Work required: Every record needs to be set down again without a single difference.

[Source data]
Lemma nonbacktracking_injective c : nonbacktracking c -> forall i j, c i = c j -> i = j.
Proof.
  intros Hc.
  assert (Hlt : forall i j, i < j -> c i <> c j).
  { intros i [|j] Hij E; [lia|].
    pose proof (nonbacktracking_side Hc (j := i) (k := j) ltac:(lia)) as H.
    rewrite E in H. exact (not_side_root H). }
  intros i j E. destruct (lt_eq_lt_dec i j) as [[H|H]|H]; auto;
    exfalso; [apply (Hlt i j) | apply (Hlt j i)]; auto.
Qed.

Lemma side_map (f : N -> N) a b s : is_aut tadj f -> side a b s -> side (f a) (f b) (f s).
Proof.
  intros [[g [Hgf _]] Hf] (l & Hl & Ha). exists (map f l). split.
  - apply walk_between_map with (R := tadj); [intros u v; apply Hf | exact Hl].
  - intros Hin. apply in_map_iff in Hin. destruct Hin as (x & Hx & Hin).
    apply Ha. rewrite <- (Hgf a), <- Hx, Hgf. auto.
Qed.

End Tree.

Definition eventually {V : Type} (rho : nat -> V) (P : V -> Prop) : Prop :=
  exists M, forall n, M <= n -> P (rho n).

Section Graph.
Variables (V : Type) (adj : V -> V -> Prop).

Lemma aut_injective f : is_aut adj f -> forall x y, f x = f y -> x = y.
Proof. intros [[g [Hgf _]] _] x y E. rewrite <- (Hgf x), E, Hgf. auto. Qed.

Lemma aut_comp f g : is_aut adj f -> is_aut adj g -> is_aut adj (fun v => f (g v)).
Proof.
  intros [[f' [F1 F2]] Hf] [[g' [G1 G2]] Hg]. split.
  - exists (fun v => g' (f' v)). split; intros v; [rewrite F1, G1 | rewrite G2, F2]; auto.
  - intros u v. rewrite Hg, Hf. tauto.
Qed.

Lemma aut_inv f g : is_aut adj f -> (forall v, g (f v) = v) -> (forall v, f (g v) = v) ->
  is_aut adj g.
Proof.
  intros [_ Hf] Hgf Hfg. split; [exists f; auto|].
  intros u v. rewrite (Hf (g u) (g v)), !Hfg. tauto.
Qed.

Lemma ray_aut f rho : is_aut adj f -> is_ray adj rho -> is_ray adj (fun n => f (rho n)).
Proof.
  intros Hf [Hinj Hadj]. split.
  - intros n m E. apply Hinj. eapply aut_injective; eauto.
  - intros n. apply (proj1 (proj2 Hf _ _)), Hadj.
Qed.

Lemma eventually_common (rho : nat -> V) P Q :
  eventually rho P -> eventually rho Q -> exists n, P (rho n) /\ Q (rho n).
Proof. intros [M1 H1] [M2 H2]. exists (max M1 M2). split; [apply H1 | apply H2]; lia. Qed.

Lemma ray_eventually_avoids rho (L : list V) :
  is_ray adj rho -> eventually rho (fun v => ~ In v L).
Proof. intros [Hinj _]. exact (injective_eventually_avoids L Hinj). Qed.

Lemma equiv_rays_late_path rho sigma M1 M2 (L : list V) :
  equiv_rays adj rho sigma ->
  exists n m p, M1 <= n /\ M2 <= m /\ walk_between adj (rho n) (sigma m) p /\
    disjoint_lists L p.
Proof.
  intros (P & HP & Hdisj).
  destruct (choice (fun i nm => walk_between adj (rho (fst nm)) (sigma (snd nm)) (P i)))
    as [nm Hnm].
  { intros i. destruct (HP i) as (n & m & H). exists (n, m). apply walk_from_to_iff; auto. }
  assert (Hinj1 : forall i j, fst (nm i) = fst (nm j) -> i = j).
  { intros i j E. apply NNPP; intros Hne. apply (Hdisj i j Hne (rho (fst (nm i)))).
    - eapply walk_between_in_l, Hnm.
    - rewrite E. eapply walk_between_in_l, Hnm. }
  assert (Hinj2 : forall i j, snd (nm i) = snd (nm j) -> i = j).
  { intros i j E. apply NNPP; intros Hne. apply (Hdisj i j Hne (sigma (snd (nm i)))).
    - eapply walk_between_in_r, Hnm.
    - rewrite E. eapply walk_between_in_r, Hnm. }
  destruct (injective_eventually_avoids (seq 0 M1) Hinj1) as [B1 HB1].
  destruct (injective_eventually_avoids (seq 0 M2) Hinj2) as [B2 HB2].
  destruct (disjoint_family_eventually_avoids L Hdisj) as [B3 HB3].
  set (i := B1 + B2 + B3).
  exists (fst (nm i)), (snd (nm i)), (P i). repeat split; auto.
  - apply Nat.nlt_ge. intros Hlt. apply (HB1 i ltac:(lia)), in_seq. lia.
  - apply Nat.nlt_ge. intros Hlt. apply (HB2 i ltac:(lia)), in_seq. lia.
  - apply HB3. lia.
Qed.

End Graph.

Section CanonicalDecomposition.
Variables (V N : Type) (adj : V -> V -> Prop) (tadj : N -> N -> Prop) (X : N -> V -> Prop).
Hypothesis Htd : is_tree_decomposition adj tadj X.

Lemma decomposition_tree : is_tree tadj.
Proof. apply Htd. Qed.

Lemma bag_of_vertex v : exists t, X t v.
Proof. apply Htd. Qed.

Lemma bag_of_edge u v : adj u v -> exists t, X t u /\ X t v.
Proof. apply Htd. Qed.

Lemma bag_walk v t t' : X t v -> X t' v ->
  exists l, walk_between tadj t t' l /\ forall s, In s l -> X s v.
Proof.
  intros H H'. destruct Htd as (_ & _ & _ & Hsub). destruct (Hsub v t t' H H') as (l & Hl & Hs).
  exists l. split; auto. apply walk_from_to_iff; auto.
Qed.

Definition adhesion (a b : N) (v : V) : Prop := X a v /\ X b v.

Answer section:
Lemma nonbacktracking_injective c : nonbacktracking c -> forall i j, c i = c j -> i = j.
Proof.
  intros Hc.
  assert (Hlt : forall i j, i < j -> c i <> c j).
  { intros i [|j] Hij E; [lia|].
    pose proof (nonbacktracking_side Hc (j := i) (k := j) ltac:(lia)) as H.
    rewrite E in H. exact (not_side_root H). }
  intros i j E. destruct (lt_eq_lt_dec i j) as [[H|H]|H]; auto;
    exfalso; [apply (Hlt i j) | apply (Hlt j i)]; auto.
Qed.

Lemma side_map (f : N -> N) a b s : is_aut tadj f -> side a b s -> side (f a) (f b) (f s).
Proof.
  intros [[g [Hgf _]] Hf] (l & Hl & Ha). exists (map f l). split.
  - apply walk_between_map with (R := tadj); [intros u v; apply Hf | exact Hl].
  - intros Hin. apply in_map_iff in Hin. destruct Hin as (x & Hx & Hin).
    apply Ha. rewrite <- (Hgf a), <- Hx, Hgf. auto.
Qed.

End Tree.

Definition eventually {V : Type} (rho : nat -> V) (P : V -> Prop) : Prop :=
  exists M, forall n, M <= n -> P (rho n).

Section Graph.
Variables (V : Type) (adj : V -> V -> Prop).

Lemma aut_injective f : is_aut adj f -> forall x y, f x = f y -> x = y.
Proof. intros [[g [Hgf _]] _] x y E. rewrite <- (Hgf x), E, Hgf. auto. Qed.

Lemma aut_comp f g : is_aut adj f -> is_aut adj g -> is_aut adj (fun v => f (g v)).
Proof.
  intros [[f' [F1 F2]] Hf] [[g' [G1 G2]] Hg]. split.
  - exists (fun v => g' (f' v)). split; intros v; [rewrite F1, G1 | rewrite G2, F2]; auto.
  - intros u v. rewrite Hg, Hf. tauto.
Qed.

Lemma aut_inv f g : is_aut adj f -> (forall v, g (f v) = v) -> (forall v, f (g v) = v) ->
  is_aut adj g.
Proof.
  intros [_ Hf] Hgf Hfg. split; [exists f; auto|].
  intros u v. rewrite (Hf (g u) (g v)), !Hfg. tauto.
Qed.

Lemma ray_aut f rho : is_aut adj f -> is_ray adj rho -> is_ray adj (fun n => f (rho n)).
Proof.
  intros Hf [Hinj Hadj]. split.
  - intros n m E. apply Hinj. eapply aut_injective; eauto.
  - intros n. apply (proj1 (proj2 Hf _ _)), Hadj.
Qed.

Lemma eventually_common (rho : nat -> V) P Q :
  eventually rho P -> eventually rho Q -> exists n, P (rho n) /\ Q (rho n).
Proof. intros [M1 H1] [M2 H2]. exists (max M1 M2). split; [apply H1 | apply H2]; lia. Qed.

Lemma ray_eventually_avoids rho (L : list V) :
  is_ray adj rho -> eventually rho (fun v => ~ In v L).
Proof. intros [Hinj _]. exact (injective_eventually_avoids L Hinj). Qed.

Lemma equiv_rays_late_path rho sigma M1 M2 (L : list V) :
  equiv_rays adj rho sigma ->
  exists n m p, M1 <= n /\ M2 <= m /\ walk_between adj (rho n) (sigma m) p /\
    disjoint_lists L p.
Proof.
  intros (P & HP & Hdisj).
  destruct (choice (fun i nm => walk_between adj (rho (fst nm)) (sigma (snd nm)) (P i)))
    as [nm Hnm].
  { intros i. destruct (HP i) as (n & m & H). exists (n, m). apply walk_from_to_iff; auto. }
  assert (Hinj1 : forall i j, fst (nm i) = fst (nm j) -> i = j).
  { intros i j E. apply NNPP; intros Hne. apply (Hdisj i j Hne (rho (fst (nm i)))).
    - eapply walk_between_in_l, Hnm.
    - rewrite E. eapply walk_between_in_l, Hnm. }
  assert (Hinj2 : forall i j, snd (nm i) = snd (nm j) -> i = j).
  { intros i j E. apply NNPP; intros Hne. apply (Hdisj i j Hne (sigma (snd (nm i)))).
    - eapply walk_between_in_r, Hnm.
    - rewrite E. eapply walk_between_in_r, Hnm. }
  destruct (injective_eventually_avoids (seq 0 M1) Hinj1) as [B1 HB1].
  destruct (injective_eventually_avoids (seq 0 M2) Hinj2) as [B2 HB2].
  destruct (disjoint_family_eventually_avoids L Hdisj) as [B3 HB3].
  set (i := B1 + B2 + B3).
  exists (fst (nm i)), (snd (nm i)), (P i). repeat split; auto.
  - apply Nat.nlt_ge. intros Hlt. apply (HB1 i ltac:(lia)), in_seq. lia.
  - apply Nat.nlt_ge. intros Hlt. apply (HB2 i ltac:(lia)), in_seq. lia.
  - apply HB3. lia.
Qed.

End Graph.

Section CanonicalDecomposition.
Variables (V N : Type) (adj : V -> V -> Prop) (tadj : N -> N -> Prop) (X : N -> V -> Prop).
Hypothesis Htd : is_tree_decomposition adj tadj X.

Lemma decomposition_tree : is_tree tadj.
Proof. apply Htd. Qed.

Lemma bag_of_vertex v : exists t, X t v.
Proof. apply Htd. Qed.

Lemma bag_of_edge u v : adj u v -> exists t, X t u /\ X t v.
Proof. apply Htd. Qed.

Lemma bag_walk v t t' : X t v -> X t' v ->
  exists l, walk_between tadj t t' l /\ forall s, In s l -> X s v.
Proof.
  intros H H'. destruct Htd as (_ & _ & _ & Hsub). destruct (Hsub v t t' H H') as (l & Hl & Hs).
  exists l. split; auto. apply walk_from_to_iff; auto.
Qed.

Definition adhesion (a b : N) (v : V) : Prop := X a v /\ X b v.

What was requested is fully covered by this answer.